MATERIALS AND METHODS

Animal and Tumor Cells

Male C57BL/6J mice (5 weeks old) were obtained from Japan SLC, Inc. (Shizuoka, Japan). Dulbecco’s modified Eagle’s medium (DMEM) containing both 10% fetal bovine serum (FBS) and 1% (v/v) antibiotics penicillin/streptomycin (100 U/mL) was used for culturing B16F1 murine melanoma cells (Dainippon Sumitomo Pharma Biomedical Co., Ltd., Osaka, Japan), and these cells were incubated at 37 °C in 5% CO₂ atmosphere. All animal protocols were evaluated and approved by the Animal and Ethics Review Committee of Tokushima University.

Materials

The fluorescein isothiocyanate (FITC)-labeled oligonucleotide GGAGCCACCATGAAGGTGCCCCGGAACCAGGACTGGCTGTGAAAAAAAAAAAAAAAAAAAAA (M.W.: 19800) was purchased from Hokkaido System Science Co., Ltd. (Hokkaido, Japan). Optimal cutting temperature (OCT) compound, Dako Fluorescence Mounting Medium and Cellstain^® DAPI Solution (4′,6-diamidino-2-phenylindole, dihydrochloride) were obtained from Sakura Finetek (Tokyo, Japan), Agilent (Santa Clara, CA, U.S.A.) and FUJIFILM Wako Pure Chemical Corporation (Osaka, Japan), respectively. An Ag-AgCl electrode was purchased from 3M Health Care (Minneapolis, MN, U.S.A.). ISOGEN with Spin Column RNA extraction reagent was purchased from Nippon Gene Co., Ltd. (Tokyo, Japan). All primers were purchased from Eurofins Genomics (Tokyo, Japan) and their sequences are shown in Table 1. PrimeScript™ RT Master Mix (Perfect Real Time) and TB Green^® Premix Ex Taq™ II (Tli RNaseH Plus) were purchased from TaKaRa Bio (Shiga, Japan).
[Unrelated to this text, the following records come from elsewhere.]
Lemma subf_trans A B C : subf A B -> subf B C -> subf A C.
Proof. intros HAB HBC; induction HBC; eauto using subf. Qed.

Lemma subf_bv_incl A B : subf A B -> incl (bv A) (bv B).
Proof. induction 1; simpl; auto using incl_refl, incl_appl, incl_appr, incl_tl. Qed.

Lemma subf_NoDup_bv A B : subf A B -> NoDup (bv B) -> NoDup (bv A).
Proof.
  induction 1; simpl; intros Hnd; auto.
  - apply IHsubf; eapply NoDup_app_remove_r; eauto.
  - apply IHsubf; eapply NoDup_app_remove_l; eauto.
  - apply IHsubf; inversion Hnd; auto.
Qed.

Lemma bv_binder E v : In v (bv E) -> exists A, subf (All v A) E.
Proof.
  induction E as [p ts|E1 IH1 E2 IH2|x E IH]; simpl; intros Hv.
  - contradiction.
  - apply in_app_iff in Hv as [Hv|Hv];
      [destruct (IH1 Hv) as [A HA]|destruct (IH2 Hv) as [A HA]]; exists A; auto using subf.
  - destruct Hv as [<-|Hv]; [exists E; constructor|].
    destruct (IH Hv) as [A HA]; exists A; auto using subf.
Qed.

Lemma subf_bv_overlap E X Y c : NoDup (bv E) -> subf X E -> subf Y E ->
  In c (bv X) -> In c (bv Y) -> subf X Y \/ subf Y X.
Proof.
  revert X Y; induction E as [p ts|E1 IH1 E2 IH2|z E IH]; simpl;
    intros X Y Hnd HX HY HcX HcY.
  - inversion HX; subst; contradiction.
  - inversion HX as [|? ? ? HX'|? ? ? HX'|]; subst; [right; exact HY| |];
      inversion HY as [|? ? ? HY'|? ? ? HY'|]; subst; try (left; exact HX).
    + eapply IH1; eauto using NoDup_app_remove_r.
    + exfalso; apply (NoDup_app_disjoint _ _ c Hnd); eapply subf_bv_incl; eauto.
    + exfalso; apply (NoDup_app_disjoint _ _ c Hnd); eapply subf_bv_incl; eauto.
    + eapply IH2; eauto using NoDup_app_remove_l.
  - inversion HX as [|? ? ? HX'|? ? ? HX'|? ? ? HX']; subst; [right; exact HY|];
      inversion HY as [|? ? ? HY'|? ? ? HY'|? ? ? HY']; subst; [left; exact HX|].
    inversion Hnd; eapply IH; eauto.
Qed.

Lemma binder_body_unique E z A B :
  NoDup (bv E) -> subf (All z A) E -> subf (All z B) E -> A = B.
Proof.
  intros Hnd HA HB.
  assert (Hnested : forall A B, subf (All z B) E -> subf (All z A) (All z B) -> A = B).
  { intros A' B' HB' H. inversion H as [|? ? ? H'|? ? ? H'|? ? ? H']; subst; auto.
    exfalso. apply (subf_NoDup_bv _ _ HB') in Hnd. inversion Hnd as [|? ? Hz].
    apply Hz, (subf_bv_incl _ _ H'); left; reflexivity. }
  destruct (subf_bv_overlap E _ _ z Hnd HA HB (or_introl eq_refl) (or_introl eq_refl))
    as [H|H]; [|symmetry]; eauto.
Qed.

Lemma binders_nested E v w A B c : NoDup (bv E) -> subf (All v A) E -> subf (All w B) E ->
  In c (bv A) -> In c (bv B) -> v = w \/ In v (bv B) \/ In w (bv A).
Proof.
  intros Hnd HA HB HcA HcB.
  destruct (subf_bv_overlap E _ _ c Hnd HA HB (or_intror HcA) (or_intror HcB)) as [H|H];
    inversion H; subst; auto; right; [left|right]; eapply subf_bv_incl; eauto; left; auto.
Qed.

Lemma fv_captured Z E v : subf Z E -> In v (fv_form Z) ->
  In v (fv_form E) \/ exists B, subf (All v B) E /\ subf Z B.
Proof.
  induction 1 as [|Z A B HZ IH|Z A B HZ IH|Z x A HZ IH]; intros Hv; auto;
    destruct (IH Hv) as [Hf|[B' [HB' HZB']]]; simpl;
    try (right; exists B'; auto using subf; fail).
  - left; apply in_app_iff; auto.
  - left; apply in_app_iff; auto.
  - destruct (Nat.eq_dec v x) as [->|Hne]; [right; exists A; auto using subf|].
    left; apply filter_In; split; auto; apply Bool.negb_true_iff, Nat.eqb_neq; auto.
Qed.

(** * Free variables and normal contexts *)

Lemma in_fv_bracket v V G :
  In v (fv_item (IB V G)) <-> (exists J, In J G /\ In v (fv_item J)) /\ ~ In v V.
Proof.
  assert (Hfv : fv_item (IB V G)
                = filter (fun v => negb (existsb (Nat.eqb v) V)) (flat_map fv_item G)).
  { simpl; f_equal; induction G; simpl; congruence. }
  rewrite Hfv, filter_In, in_flat_map, Bool.negb_true_iff.
  assert (Hex : existsb (Nat.eqb v) V = true <-> In v V).
  { rewrite existsb_exists; split.
    - intros [u [Hu Heq]]; apply Nat.eqb_eq in Heq; subst; exact Hu.
    - intros Hv; exists v; split; auto; apply Nat.eqb_refl. }
  destruct (existsb (Nat.eqb v) V); intuition congruence.
Qed.

Definition fv_covered (G G' : ctx) :=
  forall J', In J' G' -> exists J, In J G /\ incl (fv_item J') (fv_item J).

Lemma fv_covered_refl G : fv_covered G G.
Proof. intros J HJ; exists J; split; auto using incl_refl. Qed.
Lemma colorings_red_on_witnessed (t : sample) (P : {set 'I_rho}) (s : C) (J : {set T}) :
  complies CD D -> P != set0 -> is_def_set CD s J -> J \subset t @: P ->
  s \in CD (sample_set t) -> bad s ->
  forall g, g \in colorings_red_on t P -> (uncolor g == t) && witnessed g.
Proof.
move=> [compl_i compl_ii] /set0Pn [i0 i0P] defJ JP sR bad_s g /familyP gP.
have red_P i : i \in P -> g i = (t i, ord0).
  by move=> iP; have := gP i; rewrite iP => /eqP.
have gt : uncolor g = t.
  apply/ffunP => i; rewrite ffunE; have := gP i.
  by case: (i \in P) => /eqP ->.
have PA : t @: P \subset some_set (red_part g).
  apply/subsetP => _ /imsetP [i iP ->]; rewrite in_some_set; apply/existsP; exists i.
  by rewrite ffunE red_P.
have avoid (X : {set T}) : X \subset sample_set t -> K s :&: X = set0.
  by move=> XR; apply/eqP; rewrite -subset0 -(compl_i _ _ sR).2 setIS.
rewrite gt eqxx /= /witnessed; apply/andP; split.
  by apply/set0Pn; exists (t i0); apply: subsetP PA _ (imset_f _ i0P).
have AR : some_set (red_part g) \subset sample_set t by rewrite -gt some_set_red_part_sub.
have BR : blue_set g \subset sample_set t by rewrite -gt blue_set_sub.
apply/existsP; exists s; rewrite bad_s (avoid _ BR) eqxx !andbT.
apply: compl_ii; last exact: avoid.
by exists J; split; last exact: subset_trans JP PA.
Qed.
Bovine serum albumin (BSA) was purchased from Merck (Tokyo, Japan). Rabbit anti-mouse CD4, CD8 and Quantikine enzyme-linked immunosorbent assay (ELISA) Kit (MIF00, R&D Systems) were obtained from Funakoshi Co., Ltd. (Tokyo, Japan). Goat anti-rabbit immunoglobulin G (IgG) H&L (Alexa Fluor^® 488) was purchased from Abcam (ab150077, Tokyo, Japan). All other reagents used in this study were of the highest grade available.

Table 1. Primer Sequences Used for RT-PCR

Gene	Forward (5′ to 3′)	Reverse (5′ to 3′)
GAPDH (mouse)	AGGTCGGTGTGAACGGATTTG	GGGGTCGTTGATGGCAACA
IFN-γ (mouse)	ACAGCAAGGCGAAAAAGGATG	TGGTGGACCACTCGGATGA
TNF-α (mouse)	CAGGCGGTGCCTATGTCTC	CGATCACCCCGAAGTTCAGTAG
IL-6 (mouse)	CTGCAAGAGACTTCCATCCAG	AGTGGTATAGACAGGTCTGTTGG
IL-12b (mouse)	CTGGAGCACTCCCCATTCCTA	GCAGACATTCCCGCCTTTG

Iontophoresis Technology for Delivery of FITC-Labeled Oligonucleotide

FITC-labeled oligonucleotide was used as a model of mRNA to investigate transdermal delivery by IP. IP was conducted according to our previous report with some modifications.¹⁹⁾ In brief, after anesthetizing the mice with chloral hydrate (400 mg/kg mouse) dissolved in phosphate buffered saline (PBS) intraperitoneally, their dorsal skin was shaved for IP application. Then, moistened nonwoven fabric (0.5 cm²) containing FITC-labeled oligonucleotide (10 µg/50 µL) was attached to the shaved dorsal skin, and another wetted nonwoven fabric (0.5 cm²) containing PBS (50 µL) was placed 1 cm away. Each piece of the wetted nonwoven fabric was connected to Ag-AgCl electrodes. The Ag-AgCl electrodes with nonwoven fabric containing labeled oligonucleotide or PBS (7.4) were connected to the cathode and anode, respectively, of a power supply (TTI Ellebeau, Inc., model TCCR-3005, Tokyo, Japan). IP was performed with a fixed current of 0.17 mA/0.5 cm² for 1 h. Finally, mice were incubated for 3 h, followed by excision of their skin for cross-sectioning.

Intradermal Distribution of FITC-Labeled Oligonucleotide after Applying Iontophoresis

Mice were euthanized after the incubation time (3 h), and their skin was excised, embedded in OCT compound, and then frozen with dry ice/ethanol. Sections (10 µm thick) were cut from the frozen blocks using a cryostat (CM3050S; Leica Biosystems, Tokyo, Japan). Dako Fluorescence Mounting Medium was used for mounting the 10 µm thick frozen sections onto MAS-coated glass slides. Finally, the skin sections were stored in the dark until dry for subsequent observation of intradermal distribution of the labeled oligonucleotide using a confocal laser scanning microscope (LSM700, Carl Zeiss, Jena, Germany).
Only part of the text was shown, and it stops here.